You’re making bad choices because you’re not using your brain.
And, maybe that *is* something you should look in the mirror and be scared of….
I’m reading this and realizing that you are showing no evidence for any of your statements. Where do I fail to understand statistics, maths or risk assessment? What part of my position lacks logic or critical thinking? I could just say that you’re stupid and hope you get what you deserve, cause you know someone eventually wins the lottery, no matter the odds.
@don ok so what do you suggest?
First…it wasn’t a threat. Then article after article that masks were a waste of time. Then…ventilators. Heard anything bout that lately? Then flattening the curve.
So Don…Everyone stay at home? Death by a thousand cuts….be reasonable take precautions and live your life. The chance of dying is infentesimal for healthy people with no under lying conditions.
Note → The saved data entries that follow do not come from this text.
Fixpoint up (par : nat -> X -> X) (n k : nat) (x : X) : X :=
  match k with
  | 0%N => x
  | k'.+1 => up par n.-1 k' (par n x)
  end.

Fixpoint piS (rho : X -> nat -> R) (par : nat -> X -> X) (n : nat) (x : X) : R :=
  match n with
  | 0%N => rho x 0%N
  | n'.+1 => rho x n * piS rho par n' (par n x)
  end.

Definition H1 (Xn : nat -> {fset X}) (rho : X -> nat -> R) (etam etap : R) : Prop :=
  [/\ 0 < etam, etam <= etap, etap < 1 &
      forall n x, x \in Xn n -> etam <= rho x n <= etap].

(** (H4): sum over the descendants D_n(v) of v=(y,m) *)
Definition H4 (Xn : nat -> {fset X}) (rho : X -> nat -> R) (par : nat -> X -> X)
    (p : R) : Prop :=
  forall (m n : nat) (y : X), y \in Xn m -> (m < n)%N ->
    \sum_(x <- enum_fset (Xn n) | up par n (n - m) x == y)
        (piS rho par n x) `^ p
      <= (piS rho par m y) `^ p.

Definition prob_mass (Xn : nat -> {fset X}) (k : nat) (f : X -> R) : Prop :=
  (forall x, x \in Xn k -> 0 < f x) /\ \sum_(x <- enum_fset (Xn k)) f x = 1.

Definition dens (rho : X -> nat -> R) (par : nat -> X -> X) (p : R) (k : nat)
    (f : X -> R) (x : X) : R := f x / (piS rho par k x) `^ p.

Definition balanced (d : X -> X -> R) (lam a : R) (Xn : nat -> {fset X})
    (rho : X -> nat -> R) (par : nat -> X -> X) (p C : R) (k : nat) (f : X -> R) : Prop :=
  (forall x, x \in Xn k -> 0 < f x) /\
  forall u v, u \in Xn k -> v \in Xn k -> adjS d lam a par u k v k ->
    dens rho par p k f u <= C ^+ 2 * dens rho par p k f v.

Definition balanced_edge (rho : X -> nat -> R) (par : nat -> X -> X) (p C : R) (k : nat)
    (f : X -> R) (u v : X) : Prop :=
  C ^- 2 * dens rho par p k f v <= dens rho par p k f u
  /\ dens rho par p k f u <= C ^+ 2 * dens rho par p k f v.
Protect those that are at risk…
Do you know what the percentage of the US populations is healthy with no underlying health conditions? If every person who is obese, has hypertension, asthma, diabetes or more serious problems like immune system disorders, transplants on on chemotherapy is excluded, then yes you’re relatively safe. But what will you do when you get COVID-19? Will you get tested? Stay Home? What if you’re asymptomatic?
Solely using the chance of death as your only metric is shortsighted.
A sensible perspective.
As an emergency physician I thought your article was spot on, especially for a layperson. I can’t see where @Don and I read the same post….
Thank you. I try to have a basis for my opinions and not just spout facts without knowing what I’m talking about 🙂
Thank you for posting this. I was a little tired of the other boarding area bloggers and their travel above all else, their skeptical attitude toward science, and for some just straight up weird ideology garbage. Complexity is such a crime in this country.
I write what I feel. I’m not important enough to worry about what my readers will think 🙂
Does anyone else remember a time when knowledge was power? 😉 Thanks for the states on the effectiveness of tests – that’s great info!.